Elad: It seems like there’s a lot of other places where that approach that you mentioned, Sep, really applies. I mean, a company I co-founded that, you know, I haven’t really been operationally involved with for many years is Color Genomics and it’s doing a large proportion of COVID testing in a number of different markets. And a lot of the value, I think, of what the company does on top of just running a vertically integrated lab and other software around it, is all the virtualized care delivery and all the patient interactions, doctor interactions, etc., beyond just, “Hey, can you run a better lab?”

And so I think, to your point, that vertical integration has made a huge difference for Color as an example. And similarly in real estate, not just Mosaic, but it seems like Opendoor, which is literally going in and repainting the interiors of houses as it buys them and things like that and is layering on mortgage and title and everything else of the home purchasing process. It seems like there’s just an enormous amount of innovation in terms of the ability to build something that’s full-stack.

Sep: You know, I mean, it’s interesting. I’ve had a similar question, a little more general from, Chris, the time you wrote that blog post, which was…”Why is there not a flowering of full-stack companies in the same way that there’s a flowering whenever there’s a clear possibility of innovation?” You’re not seeing as many full-stack startups as you are seeing with crypto, for example. I’ve come to two reasons. I imagine there’s more.
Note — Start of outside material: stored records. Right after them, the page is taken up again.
Lemma code_supp s : is_supp u s -> seteq (below u) (supp_cut s) /\ side u = supp_side s.
Proof.
case: s => [p|K|J] /=.
- move=> hp; split; first by move=> x; rewrite /below hp.
  apply/side1; rewrite /below /weakly_below !hp /principal.
  by split; [rewrite hp /principal ltxx|rewrite hp /principal lexx].
- case=> np [h e]; have eK : seteq (below u) K.
    by move=> x; split => [/below_Iu /e //|/e /(Iu_below np)].
  split => //; apply/side0; apply: (uf_seteq Hu h) => x.
  by split; [apply: Iu_below|apply: below_Iu].
- case=> np [h e]; split.
    move=> x; split => [ux /e Jx|nJ]; first exact: Ju_not_below Jx ux.
    by apply: NNPP => nx; apply: nJ; apply/e; apply: not_below_Ju.
  apply/side2; split => ux; apply: (uf_disjoint Hu ux h) => x.
    by move=> xb /Ju_not_below.
  by move=> xw /(Ju_not_weakly_below np).
Qed.

End SupportOfAnUltrafilter.

(* A left half-cut K is the support of the ultrafilter generated by the tails
   [x, K) of K. *)
Lemma left_cut_realised K : in_sX (SLeft K) ->
  exists u, is_ultrafilter u /\ is_supp u (SLeft K).
Proof.
move=> [Ki [[x0 Kx0] Km]].
pose F := fun S : X -> Prop => exists x, K x /\ forall y, K y -> x <= y -> S y.
have [u [Hu Fu]] : exists u, is_ultrafilter u /\ (forall A, F A -> u A).
  apply: ultrafilter_extends.
  - by exists x0.
  - by case=> x [Kx h]; apply: h x Kx (lexx x).
  - by move=> A B [x [Kx h]] AB; exists x; split => // y Ky xy; apply: AB; apply: h.
  - move=> A B [x1 [K1 h1]] [x2 [K2 h2]]; case: (leP x1 x2) => [x12|x21].
      by exists x2; split => // y Ky xy; split; [apply: h1 (le_trans x12 xy)|apply: h2].
    by exists x1; split => // y Ky xy; split; [apply: h1|apply: h2 (le_trans (ltW x21) xy)].
have uK : u K by apply: Fu; exists x0; split => // y Ky _.
have utail x : K x -> u (fun y => x <= y) by move=> Kx; apply: Fu; exists x.
have e : seteq K (Iu u).
  move=> x; split => [Kx K' hK' uK'|h]; last exact: h K Ki uK.
  apply: NNPP => nK; apply: (uf_disjoint Hu uK' (utail x Kx)) => y Ky xy.
  by apply: nK; apply: hK' xy Ky.
exists u; split => //; split; last by split => //; exact: (uf_seteq Hu uK e).
case=> p hp; have Kp : K p by apply/(hp K).
case: (Km p Kp) => z [Kz pz]; have zp := proj1 (hp _) (utail z Kz).
by move: (lt_le_trans pz zp); rewrite ltxx.
Qed.

(* Symmetrically for a right half-cut J and its tails (J, x]. *)
Lemma right_cut_realised J : in_sX (SRight J) ->
  exists u, is_ultrafilter u /\ is_supp u (SRight J).
Proof.
move=> [Jf [[x0 Jx0] Jm]].
pose F := fun S : X -> Prop => exists x, J x /\ forall y, J y -> y <= x -> S y.
have [u [Hu Fu]] : exists u, is_ultrafilter u /\ (forall A, F A -> u A).
  apply: ultrafilter_extends.
  - by exists x0.
  - by case=> x [Jx h]; apply: h x Jx (lexx x).
  - by move=> A B [x [Jx h]] AB; exists x; split => // y Jy yx; apply: AB; apply: h.
  - move=> A B [x1 [J1 h1]] [x2 [J2 h2]]; case: (leP x1 x2) => [x12|x21].
      by exists x1; split => // y Jy yx; split; [apply: h1|apply: h2 (le_trans yx x12)].
    by exists x2; split => // y Jy yx; split; [apply: h1 (le_trans yx (ltW x21))|apply: h2].
have uJ : u J by apply: Fu; exists x0; split => // y Jy _.
have utail x : J x -> u (fun y => y <= x) by move=> Jx; apply: Fu; exists x.
have e : seteq J (Ju u).
  move=> x; split => [Jx J' hJ' uJ'|h]; last exact: h J Jf uJ.
  apply: NNPP => nJ; apply: (uf_disjoint Hu uJ' (utail x Jx)) => y Jy yx.
  by apply: nJ; apply: hJ' yx Jy.
exists u; split => //; split; last by split => //; exact: (uf_seteq Hu uJ e).
case=> p hp; have Jp : J p by apply/(hp J).
case: (Jm p Jp) => z [Jz zp]; have pz := proj1 (hp _) (utail z Jz).
by move: (lt_le_trans zp pz); rewrite ltxx.
Qed.

Lemma supp_surj (s : @usupport d X) : in_sX s -> exists u, is_ultrafilter u /\ is_supp u s.
Proof.
case: s => [p|K|J] hs; [|exact: left_cut_realised|exact: right_cut_realised].
exists (principal p); split => //; do 3 (split => //); first by move=> A B pA h; apply: h.
by split => // A; apply: classic.
Qed.

Lemma trle_supp u v su sv : is_ultrafilter u -> is_ultrafilter v ->
  is_supp u su -> is_supp v sv -> (trle u v <-> supp_le su sv).
Proof.
move=> Hu Hv hsu hsv.
rewrite (trle_code Hu Hv).
have [eu ->] := code_supp Hu hsu; have [ev ->] := code_supp Hv hsv.
rewrite (code_le_seteq _ _ eu ev).
by rewrite supp_le_code //; [exact: (supp_in_sX Hu hsu)|exact: (supp_in_sX Hv hsv)].
Qed.

Lemma trle_refl u : is_ultrafilter u -> trle u u.
Proof. by move=> Hu; apply/(trle_code Hu Hu); apply: code_le_refl. Qed.

Lemma trle_trans u v w : is_ultrafilter u -> is_ultrafilter v -> is_ultrafilter w ->
  trle u v -> trle v w -> trle u w.
Proof.
move=> Hu Hv Hw /(trle_code Hu Hv) uv /(trle_code Hv Hw) vw.
by apply/(trle_code Hu Hw); apply: code_le_trans uv vw.
Qed.

Lemma treq_supp u v su sv : is_ultrafilter u -> is_ultrafilter v ->
  is_supp u su -> is_supp v sv -> (treq u v <-> supp_eq su sv).
Proof.
move=> Hu Hv hsu hsv.
have isu := supp_in_sX Hu hsu; have isv := supp_in_sX Hv hsv.
rewrite /treq (trle_supp Hu Hv hsu hsv) (trle_supp Hv Hu hsv hsu).
by rewrite (supp_le_code isu isv) (supp_le_code isv isu) code_le_anti supp_eq_code.
Qed.

End Supports.

Theorem corollary2 (d : Order.disp_t) (X : orderType d) :
  (* every ultrafilter has a usupport, lying in s(X) *)
  (forall u : (X -> Prop) -> Prop, is_ultrafilter u ->
     exists s, is_supp u s /\ in_sX s) /\
  (* main equivalences *)
  (forall (u v : (X -> Prop) -> Prop) (su sv : usupport),
     is_ultrafilter u -> is_ultrafilter v -> is_supp u su -> is_supp v sv ->
     (trle u v <-> supp_le su sv) /\ (treq u v <-> supp_eq su sv)) /\
  (* trianglelefteq is a linear pre-order on betaX *)
  (forall u : (X -> Prop) -> Prop, is_ultrafilter u -> trle u u) /\
  (forall u v w : (X -> Prop) -> Prop, is_ultrafilter u -> is_ultrafilter v -> is_ultrafilter w ->
     trle u v -> trle v w -> trle u w) /\
  (forall u v : (X -> Prop) -> Prop, is_ultrafilter u -> is_ultrafilter v -> trle u v \/ trle v u) /\
  (* equiv is an equivalence relation on betaX *)
  (forall u : (X -> Prop) -> Prop, is_ultrafilter u -> treq u u) /\
  (forall u v : (X -> Prop) -> Prop, is_ultrafilter u -> is_ultrafilter v -> treq u v -> treq v u) /\
  (forall u v w : (X -> Prop) -> Prop, is_ultrafilter u -> is_ultrafilter v -> is_ultrafilter w ->
     treq u v -> treq v w -> treq u w) /\
  (* [u] |-> supp(u) is onto s(X) (with the equivalences above: an order isomorphism
     of betaX/equiv onto s(X)) *)
  (forall s : usupport, in_sX s ->
     exists u : (X -> Prop) -> Prop, is_ultrafilter u /\ is_supp u s).
Proof.
split.
  move=> u Hu; have [s hs] := supp_exists Hu.
  by exists s; split => //; exact: (supp_in_sX Hu hs).
split.
  by move=> u v su sv Hu Hv hsu hsv; split; [apply: trle_supp|apply: treq_supp].
do 3 (split; first by [apply: trle_refl|apply: trle_trans|apply: trle_total]).
split; first by move=> u Hu; split; apply: trle_refl.
split; first by move=> u v _ _ [].
split; last exact: supp_surj.
move=> u v w Hu Hv Hw [uv vu] [vw wv].
by split; [apply: trle_trans uv vw|apply: trle_trans wv vu].
Qed.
The first is that it is really difficult in either context, either in the startup context because it requires kind of an expertise in two very disparate areas as a startup. And I think the second thing is I think it’s tantalizing to take a big industry and, say, dabble on some technology and it will become a full-stack company. But I think you have to have a specific point of view around what the technology is and a real innovation in that technology. And so, I think for those two reasons, I think it’s just like the rewards are great but the difficulty is hard.

Chris: Netflix is a really interesting example, right? So Reed Hastings, obviously a genius, but his prior company to Netflix was Purify, which is a debugger. I mean, it was a very, very technical product. He’s very much a computer scientist, you know? And then, he built…you know, now Netflix is doing all this original content, is becoming more and more dominant in the movie industry. I don’t know…you know, this pattern of having a technologist figure out the other industry, in that case, Hollywood, like, I don’t know if there are examples of the opposite happening of the Hollywood people figuring out the technologies part, you know?

Sep: Yeah. And there’s few examples of Netflix too.

Chris: Sure. And it’s so hard. And that company… I mean, that’s an amazing story, just independently. They had to pivot multiple times while being public. So, you know, and there’s just so few people…

Sep: Right. And he’s a remarkable entrepreneur.

Chris: Yeah. Maybe they’re just so few people like him and Elon Musk and it’s such a hard thing to do. And, you know, raising…it requires a ton of capital and decades of work. So, I think that might be why there’s not more. It’s just really hard.

Sep: For us, the way we were able to do it is Salman, my co-founder, he has a Ph.D. in computer science from MIT but he also grew up in a construction family. So he had deep expertise in construction and deep expertise in computer science both from a young age.

Elad: I think it’s kind of notable or interesting that most of the examples I can think of of really successful full-stack startups are second-time founders. So, with Mosaic, you know, your co-founder, obviously, had an amazing background in terms of family construction and everything else. But the flip of it is you, Sep, had already started, you know, companies before. Elon Musk had two successful outcomes before. Reed Hastings had a successful outcome before. So, it almost feels like you need a stable financial base plus enough know-how in terms of building a company to begin with so that you can take on this extra challenge of doing a second piece of it, you know, to Sep’s point around needing to build two companies at once.

Chris: That’s a good point. Thanks, Sep and Elad. That was awesome.